Concurrent Kineret and TNF antagonist treatment: Concurrent administration of Kineret and etanercept has been associated with an increased risk of serious infections and neutropenia compared to etanercept alone in RA patients. This treatment combination has not demonstrated increased clinical benefit. The concurrent administration of Kineret and etanercept or other TNF antagonists is not recommended. This medicinal product contains less than 1 mmol sodium (23 mg) per 100 mg dose, i.e. essentially ‘sodium-free’.

Very common: Injection site reaction (usually mild or moderate and more common at the beginning of treatment.), Headaches, Severe infections, Neutropenia, Thrombocytopenia and Blood cholesterol increase.
Side effects requiring special attention by physician: Severe infections, neutropenia, Thrombocytopenia, pneumonia, skin infections.
Severe allergic reactions are not common. However, should any of the following symptoms appear, treatment should be discontinued and medical attention should be sought immediately: Swelling of the face, tongue or throat; problems swallowing or breathing; sudden appearance of rapid pulse or sweating; skin itching or rash.
For full details see prescribing information.
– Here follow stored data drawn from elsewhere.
(* Let $\Phi\in\mathcal G'$ and $m\in\mathbb N$. Then $\Phi\in\mathcal D^{-m,2}$ if and only if \[ \int_0^1\int_0^{\lambda_m}\cdots\int_0^{\lambda_2}\int_{\mathcal S'_{\mathbb C}}|S\Phi(\lambda_1u)|^2\,d\nu(u)\,d\lambda_1\cdots d\lambda_m<\infty . \]
   Context: Let $\mu$ be the white noise measure on the tempered distributions $\mathcal S'$ (Gaussian with $\int e^{i\langle\xi,x\rangle}d\mu=e^{-|\xi|^2/2}$, $\xi\in\mathcal S$, $|\cdot|$ the $L^2$ norm). For $s\in\mathbb R$, $\mathcal G_s$ is the space of formal chaos series $\Phi=\sum_{n\ge0}\langle\Phi^{(n)},:\cdot^{\otimes n}:\rangle$ (Wick-ordered monomials / multiple Wiener integrals) with symmetric kernels $\Phi^{(n)}\in L^2(\mathbb R^n,dx)_{\mathbb C}$ and $\sum_n2^{2sn}n!|\Phi^{(n)}|^2<\infty$, and $\mathcal G'=\bigcup_{q\in\mathbb N}\mathcal G_{-q}$. The $S$-transform is $S\Phi(h)=\sum_n\langle\Phi^{(n)},h^{\otimes n}\rangle$, $h\in\mathcal S_{\mathbb C}$. Let $\nu$ be the Gaussian measure on $\mathcal S'_{\mathbb C}$ with $\int\exp(i\,\mathrm{Re}\langle h,\bar u\rangle)d\nu(u)=\exp(-\tfrac14\langle h,\bar h\rangle)$; the monomials $u\mapsto\langle\Phi^{(n)},u^{\otimes n}\rangle$ are defined in $L^2(\nu)$, orthogonal for different $n$, with $\int|\langle\Phi^{(n)},u^{\otimes n}\rangle|^2d\nu=n!|\Phi^{(n)}|^2$, and $S\Phi(\lambda u):=\sum_n\lambda^n\langle\Phi^{(n)},u^{\otimes n}\rangle$, so that $\lambda\mapsto\int|S\Phi(\lambda u)|^2d\nu(u)\in[0,\infty]$ is defined. For $\alpha\in\mathbb R$, $\Phi\in\mathcal G'$ belongs to $\mathcal D^{\alpha,2}$ iff $\sum_{n}(1+n^\alpha)\,n!\,|\Phi^{(n)}|^2<\infty$ (for $\alpha<0$ only the terms $n\ge1$ matter for this convergence). *)

From HB Require Import structures.
From mathcomp Require Import all_boot all_order all_algebra.
From mathcomp Require Import all_classical all_reals all_analysis.
Set Implicit Arguments. Unset Strict Implicit. Unset Printing Implicit Defensive.
Import Order.TTheory GRing.Theory Num.Theory.
Local Open Scope classical_set_scope.
Local Open Scope ring_scope.

(* Abstract setting:
   - [k n] stands for the L^2 norm |Phi^(n)| of the n-th chaos kernel of Phi;
   - on a probability space (Omega, nu), [Mre n] and [Mim n] are the real and
     imaginary parts of the monomial u |-> <Phi^(n), u^{(x) n}>. *)

(* The hypotheses on the monomials stated in the context: measurable,
   pairwise orthogonal in L^2(nu; C), with int |<Phi^(n),u^n>|^2 dnu = n! |Phi^(n)|^2. *)
Definition chaos_monomials (R : realType) (d : measure_display)
  (Omega : measurableType d) (nu : probability Omega R)
  (k : nat -> R) (Mre Mim : nat -> Omega -> R) : Prop :=
  [/\ forall n, measurable_fun setT (Mre n),
      forall n, measurable_fun setT (Mim n),
      forall n, (\int[nu]_(u in setT) ((Mre n u) ^+ 2 + (Mim n u) ^+ 2)%:E
                 = (n`!%:R * k n ^+ 2)%:E)%E
    & forall n j, n != j ->
        (\int[nu]_(u in setT) (Mre n u * Mre j u + Mim n u * Mim j u)%:E = 0)%E
        /\ (\int[nu]_(u in setT) (Mim n u * Mre j u - Mre n u * Mim j u)%:E = 0)%E].

(* Phi in G' = union_q G_{-q}. *)
Definition in_Gdual (R : realType) (k : nat -> R) : Prop :=
  exists q : nat,
    (\sum_(0 <= n <oo) (((2 : R) ^- (2 * q * n)) * n`!%:R * k n ^+ 2)%:E < +oo)%E.

Definition in_D_neg (R : realType) (m : nat) (k : nat -> R) : Prop :=
  (\sum_(0 <= n <oo) ((1 + n%:R) ^- m * n`!%:R * k n ^+ 2)%:E < +oo)%E.

(* lambda |-> int |S Phi(lambda u)|^2 dnu(u) in [0, +oo], the L^2(nu) norm of the
   series sum_n lambda^n <Phi^(n), u^n>, as the limit of the L^2 norms of its
   partial sums. *)
Definition S_norm2 (R : realType) (d : measure_display)
  (Omega : measurableType d) (nu : probability Omega R)
  (Mre Mim : nat -> Omega -> R) (lam : R) : \bar R :=
  limn (fun N : nat =>
    (\int[nu]_(u in setT)
       ((\sum_(n < N) lam ^+ n * Mre n u) ^+ 2
        + (\sum_(n < N) lam ^+ n * Mim n u) ^+ 2)%:E)%E).

(* iter_int m f x = int_0^x int_0^{l_m} ... int_0^{l_2} f(l_1) dl_1 ... dl_m *)
Fixpoint iter_int (R : realType) (m : nat) (f : R -> \bar R) : R -> \bar R :=
  match m with
  | 0 => f
  | m'.+1 => fun x => (\int[@lebesgue_measure R]_(t in `[0%R, x]) iter_int m' f t)%E
  end.

From HB Require Import structures.
From mathcomp Require Import all_boot all_order all_algebra.
From mathcomp Require Import all_classical all_reals all_analysis.
From mathcomp Require Import ring lra zify measurable_realfun.
Set Implicit Arguments.
Unset Strict Implicit.
Unset Printing Implicit Defensive.
Import Order.TTheory GRing.Theory Num.Theory numFieldNormedType.Exports.
Local Open Scope ring_scope.

(* By orthogonality of the chaos monomials, the map lam |-> int |S Phi(lam u)|^2 dnu(u)
   is the power series sum_n n! |Phi^(n)|^2 lam^(2n) with nonnegative coefficients.
   Integrating it m times termwise (Tonelli) divides the n-th term by
   (2n+1)(2n+2)...(2n+m) = (2n+m)^_m, and (n+1)^m <= (2n+m)^_m <= ((m+2)(n+1))^m, so at
   lam = 1 the iterated integral and the D^(-m,2) norm of Phi are comparable series. *)

Lemma ffact_le_expn b n m : (n <= b)%N -> (n ^_ m <= b ^ m)%N.
Proof.
move=> nb; rewrite ffact_prod -[X in (_ <= _ ^ X)%N](card_ord m) -prod_nat_const.
by apply: leq_prod => i _; rewrite (leq_trans (leq_subr _ _)).
Qed.

Lemma expn_le_ffact a n m :
  (forall i, (i < m)%N -> (a <= n - i)%N) -> (a ^ m <= n ^_ m)%N.
Proof.
move=> le_a; rewrite ffact_prod -[X in (_ ^ X <= _)%N](card_ord m) -prod_nat_const.
by apply: leq_prod => i _; exact: le_a.
Qed.

Lemma expn_le_ffact_double n m : (n.+1 ^ m <= (2 * n + m) ^_ m)%N.
Proof. by apply: expn_le_ffact => i; lia. Qed.

Lemma ffact_double_le n m : ((2 * n + m) ^_ m <= (m.+2 * n.+1) ^ m)%N.
Proof. by apply: ffact_le_expn; nia. Qed.

Lemma ffact_addn_gt0 n m : (0 < (n + m) ^_ m)%N.
Proof. by rewrite ffact_gt0 leq_addl. Qed.

Lemma inv_ffact_double_le (R : realType) n m :
  ((2 * n + m)%N ^_ m)%:R^-1 <= (1 + n%:R) ^- m :> R.
Proof.
rewrite addrC natr1 -natrX lef_pV2 ?posrE ?ltr0n ?expn_gt0 ?ffact_addn_gt0 //.
by rewrite ler_nat expn_le_ffact_double.
Qed.

Lemma le_inv_ffact_double (R : realType) n m :
  (1 + n%:R) ^- m <= (m.+2 ^ m)%:R / ((2 * n + m)%N ^_ m)%:R :> R.
Proof.
rewrite addrC natr1 -natrX ler_pdivlMr ?ltr0n ?ffact_addn_gt0 //.
rewrite mulrC ler_pdivrMr ?ltr0n ?expn_gt0 // -natrM ler_nat -expnMn.
exact: ffact_double_le.
Qed.

Lemma nneseries_lty_le (R : realType) (u v : nat -> R) (c : R) :
  0 < c -> (forall n, 0 <= u n) -> (forall n, u n <= c * v n) ->
  (\sum_(0 <= n <oo) (v n)%:E < +oo)%E -> (\sum_(0 <= n <oo) (u n)%:E < +oo)%E.
Proof.
move=> c0 u0 le_uv v_fin.
have v0 n : 0 <= v n by rewrite -(pmulr_rge0 _ c0) (le_trans (u0 n)).
have cv_fin : (c%:E * \sum_(0 <= n <oo) (v n)%:E < +oo)%E.
  by rewrite lte_mul_pinfty ?lee_fin ?ltW.
apply: le_lt_trans cv_fin; rewrite -nneseriesZl; last by move=> n _; rewrite lee_fin.
by apply: lee_nneseries => n _; rewrite ?lee_fin ?EFinM.
Qed.

Lemma integral_itv0_exprn (R : realType) (p : nat) (x : R) : 0 <= x ->
  (\int[@lebesgue_measure R]_(t in `[0%R, x]) (t ^+ p)%:E =
   (x ^+ p.+1 / p.+1%:R)%:E)%E.
Proof.
rewrite le_eqVlt => /predU1P[<-|x0].
  by rewrite set_itv1 integral_set1 expr0n /= mul0r.
have cF : continuous (fun t : R => t ^+ p.+1 / p.+1%:R).
  by move=> t; apply: cvgM; [exact: exprn_continuous | exact: cvg_cst].
rewrite (@continuous_FTC2 _ _ (fun t : R => t ^+ p.+1 / p.+1%:R)) //.
- by rewrite expr0n /= mul0r oppr0 adde0.
- by apply: continuous_subspaceT => t; exact: exprn_continuous.
- split.
  + by move=> t _; apply: derivableM; [exact: exprn_derivable | exact: derivable_cst].
  + exact/cvg_at_right_filter/cF.
  + exact/cvg_at_left_filter/cF.
- move=> t _; rewrite derive1Mr; last exact: exprn_derivable.
  by rewrite exp_derive1 /= -mulrA mulrC -mulrA [_^-1 * _]mulrC mulfV ?mulr1.
Qed.

Lemma iter_int_nneseries_exprn (R : realType) (f : R -> \bar R)
    (c : nat -> R) (p : nat -> nat) (m : nat) (t : R) :
  (forall n, 0 <= c n) ->
  (forall x, 0 <= x -> (f x = \sum_(0 <= n <oo) (c n * x ^+ p n)%:E)%E) ->
  0 <= t ->
  (iter_int m f t =
   \sum_(0 <= n <oo) (c n * t ^+ (p n + m) / ((p n + m) ^_ m)%:R)%:E)%E.
Proof.
move=> c0 f_series; elim: m t => [|m IH] t t0.
  by rewrite /= f_series //; apply: eq_eseriesr => n _; rewrite addn0 divr1.
have term_ge0 n x : 0 <= x -> 0 <= c n * x ^+ (p n + m) / ((p n + m) ^_ m)%:R.
  by move=> x0; rewrite mulr_ge0 ?invr_ge0 // mulr_ge0 // exprn_ge0.
transitivity (\int[@lebesgue_measure R]_(x in `[0%R, t])
  \sum_(0 <= n <oo) (c n * x ^+ (p n + m) / ((p n + m) ^_ m)%:R)%:E)%E.
  by apply: eq_integral => x; rewrite inE /= in_itv /= => /andP[x0 _]; exact: IH.
rewrite integral_nneseries //; last first.
- by move=> n x; rewrite /= in_itv /= => /andP[x0 _]; rewrite lee_fin term_ge0.
- move=> n; apply/measurable_EFinP; apply: measurable_funM => //.
  by apply: measurable_funM => //; exact: measurable_funX.
apply: eq_eseriesr => n _.
under eq_integral do rewrite mulrAC EFinM.
rewrite ge0_integralZl_EFin //; last first.
- by rewrite mulr_ge0 ?invr_ge0.
- by apply/measurable_EFinP; exact: measurable_funX.
- by move=> x; rewrite /= in_itv /= => /andP[x0 _]; rewrite lee_fin exprn_ge0.
rewrite integral_itv0_exprn // -EFinM addnS ffactSS natrM invfM; congr EFin.
ring.
Qed.

Section chaos_monomials.
Context {R : realType} {d : measure_display} {Omega : measurableType d}.
Context {nu : probability Omega R} {k : nat -> R} {Mre Mim : nat -> Omega -> R}.
Hypothesis chaos : chaos_monomials nu k Mre Mim.

Lemma chaos_sq_integrable n :
  nu.-integrable setT (fun u => (Mre n u ^+ 2 + Mim n u ^+ 2)%:E).
Proof.
case: chaos => mMre mMim int_sq _; apply/integrableP; split.
  by apply/measurable_EFinP; apply: measurable_funD; apply: measurable_funX.
under eq_integral => u _ do rewrite gee0_abs ?lee_fin ?addr_ge0 ?sqr_ge0 //.
by rewrite int_sq ltry.
Qed.

Lemma chaos_cross_integrable n j :
  nu.-integrable setT (fun u => (Mre n u * Mre j u + Mim n u * Mim j u)%:E).
Proof.
case: chaos => mMre mMim _ _.
apply: (le_integrable measurableT _ _
  (integrableD measurableT (chaos_sq_integrable n) (chaos_sq_integrable j))).
  by apply/measurable_EFinP; apply: measurable_funD; exact: measurable_funM.
move=> u _; rewrite /= lee_fin.
set a := Mre n u; set b := Mre j u; set c := Mim n u; set e := Mim j u.
rewrite [X in _ <= X]ger0_norm; last by nra.
have := sqr_ge0 (a - b); have := sqr_ge0 (c - e).
have := sqr_ge0 (a + b); have := sqr_ge0 (c + e).
by rewrite ler_norml; move=> *; apply/andP; split; nra.
Qed.

Lemma chaos_cross_integral n j :
  (\int[nu]_(u in setT) (Mre n u * Mre j u + Mim n u * Mim j u)%:E =
   ((n == j)%:R * (n`!%:R * k n ^+ 2))%:E)%E.
Proof.
case: chaos => _ _ int_sq orth; have [<-|nj] := eqVneq n j.
  by under eq_integral do rewrite -!expr2; rewrite int_sq mul1r.
by have [-> _] := orth n j nj; rewrite mul0r.
Qed.

Lemma chaos_partial_sum_norm2 (lam : R) (N : nat) :
  (\int[nu]_(u in setT) ((\sum_(n < N) lam ^+ n * Mre n u) ^+ 2
        + (\sum_(n < N) lam ^+ n * Mim n u) ^+ 2)%:E
  = (\sum_(n < N) n`!%:R * k n ^+ 2 * lam ^+ (2 * n))%:E)%E.
Proof.
transitivity (\int[nu]_(u in setT) (\sum_(i < N) \sum_(j < N)
   ((lam ^+ i * lam ^+ j)%:E
    * (Mre i u * Mre j u + Mim i u * Mim j u)%:E)))%E.
  apply: eq_integral => u _.
  under [RHS]eq_bigr do under eq_bigr do rewrite -EFinM.
  under [RHS]eq_bigr do rewrite sumEFin.
  rewrite sumEFin; congr EFin.
  rewrite !expr2 !mulr_suml -big_split; apply: eq_bigr => i _.
  by rewrite !mulr_sumr -big_split; apply: eq_bigr => j _ /=; ring.
have termZ_int i j := integrableZl measurableT (lam ^+ i * lam ^+ j)
  (chaos_cross_integrable i j).
rewrite integral_sum //; last by move=> i; apply: integrable_sum.
rewrite -sumEFin; apply: eq_bigr => i _; rewrite integral_sum //.
rewrite (bigD1 i) //= big1 ?adde0.
  rewrite (integralZl _ (chaos_cross_integrable i i)) // chaos_cross_integral.
  by rewrite eqxx mul1r -EFinM -exprD addnn -mul2n mulrC.
move=> j ji; rewrite (integralZl _ (chaos_cross_integrable i j)) //.
rewrite chaos_cross_integral.
have /negbTE -> : (i : nat) != j by rewrite eq_sym.
by rewrite mul0r mule0.
Qed.

Lemma S_norm2_series (lam : R) :
  (S_norm2 nu Mre Mim lam =
   \sum_(0 <= n <oo) (n`!%:R * k n ^+ 2 * lam ^+ (2 * n))%:E)%E.
Proof.
rewrite /S_norm2; congr (limn _); apply/funext => N.
by rewrite chaos_partial_sum_norm2 -sumEFin big_mkord.
Qed.

End chaos_monomials.

Theorem theorem2p11 (R : realType) (d : measure_display)
  (Omega : measurableType d) (nu : probability Omega R)
  (k : nat -> R) (Mre Mim : nat -> Omega -> R) (m : nat) :
  (forall n, 0 <= k n) ->
  chaos_monomials nu k Mre Mim ->
  in_Gdual k ->
  (0 < m)%N ->
  (in_D_neg m k <-> (iter_int m (S_norm2 nu Mre Mim) 1 < +oo)%E).
Proof.
move=> _ chaos _ _.
pose a n := n`!%:R * k n ^+ 2.
pose w n := (1 + n%:R) ^- m : R.
pose ff n := ((2 * n + m)%N ^_ m)%:R : R.
have a_ge0 n : 0 <= a n by rewrite mulr_ge0 ?ler0n ?sqr_ge0.
have w_ge0 n : 0 <= w n by rewrite /w invr_ge0 exprn_ge0 ?addr_ge0 ?ler01 ?ler0n.
have ffV_ge0 n : 0 <= (ff n)^-1 by rewrite /ff invr_ge0 ler0n.
have D_neg_series : (\sum_(0 <= n <oo) ((1 + n%:R) ^- m * n`!%:R * k n ^+ 2)%:E
    = \sum_(0 <= n <oo) (w n * a n)%:E)%E.
  by apply: eq_eseriesr => n _; rewrite /w /a mulrA.
have iter_series : (\sum_(0 <= n <oo) (a n * 1 ^+ (2 * n + m) / ff n)%:E
    = \sum_(0 <= n <oo) (a n / ff n)%:E)%E.
  by apply: eq_eseriesr => n _; rewrite expr1n mulr1.
rewrite /in_D_neg D_neg_series (iter_int_nneseries_exprn m a_ge0
  (fun x _ => S_norm2_series chaos x) ler01) iter_series.
split.
- apply: (nneseries_lty_le (c := 1)) => [|n|n]; first exact: ltr01.
  + exact: mulr_ge0.
  + by rewrite mul1r mulrC ler_wpM2r // inv_ffact_double_le.
- apply: (nneseries_lty_le (c := (m.+2 ^ m)%:R)) => [|n|n].
  + by rewrite ltr0n expn_gt0.
  + exact: mulr_ge0.
  + by rewrite mulrC mulrCA ler_wpM2l // le_inv_ffact_double.
Qed.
Interactions between Kineret and other medicinal products have not been investigated in formal studies. In clinical trials, interactions between Kineret and other medicinal products (including nonsteroidal anti-inflammatory medicinal products, corticosteroids, and DMARDs) have not been observed.
Concurrent Kineret and TNF antagonist treatment: In a clinical trial with RA patients receiving background methotrexate, patients treated with Kineret and etanercept were observed to have a higher rate of serious infections (7%) and neutropenia than patients treated with etanercept alone and higher than observed in previous trials where Kineret was used alone. Concurrent Kineret and etanercept treatment has not demonstrated increased clinical benefit. The concurrent use of Kineret with etanercept or any other TNF antagonist is not recommended.
Cytochrome P450 Substrates: The formation of CYP450 enzymes is suppressed by increased levels of cytokines (e.g., IL-1) during chronic inflammation. Thus, it may be expected that for an IL-1 receptor antagonist, such as anakinra, the formation of CYP450 enzymes could be normalized during treatment. This would be clinically relevant for CYP450 substrates with a narrow therapeutic index (e.g. warfarin and phenytoin). Upon start or end of Kineret treatment in patients on these types of medicinal products, it may be relevant to consider therapeutic monitoring of the effect or concentration of these products and the individual dose of the medicinal product may need to be adjusted.
For full details see prescribing information.

There are limited amount of data from the use of anakinra in pregnant women. However, reproductive studies have been conducted with Kineret on rats and rabbits at doses up to 100 times the human RA dose and have revealed no evidence of impaired fertility or harm to the foetus. Kineret is not recommended during pregnancy and in women of childbearing potential not using contraception. It is unknown whether anakinra/metabolites are excreted in human milk. A risk to the newborns/ infants cannot be excluded. Breast-feeding should be discontinued during treatment with Kineret.

No dose-limiting toxicities were observed during clinical trials in RA or CAPS patients. In studies of sepsis, 1015 patients received Kineret at doses up to 2 mg/kg/hour i.v. (~35 times the recommended dose in RA) over a 72 hour treatment period. The adverse event profile from these studies show no overall difference from that seen in the rheumatoid arthritis studies.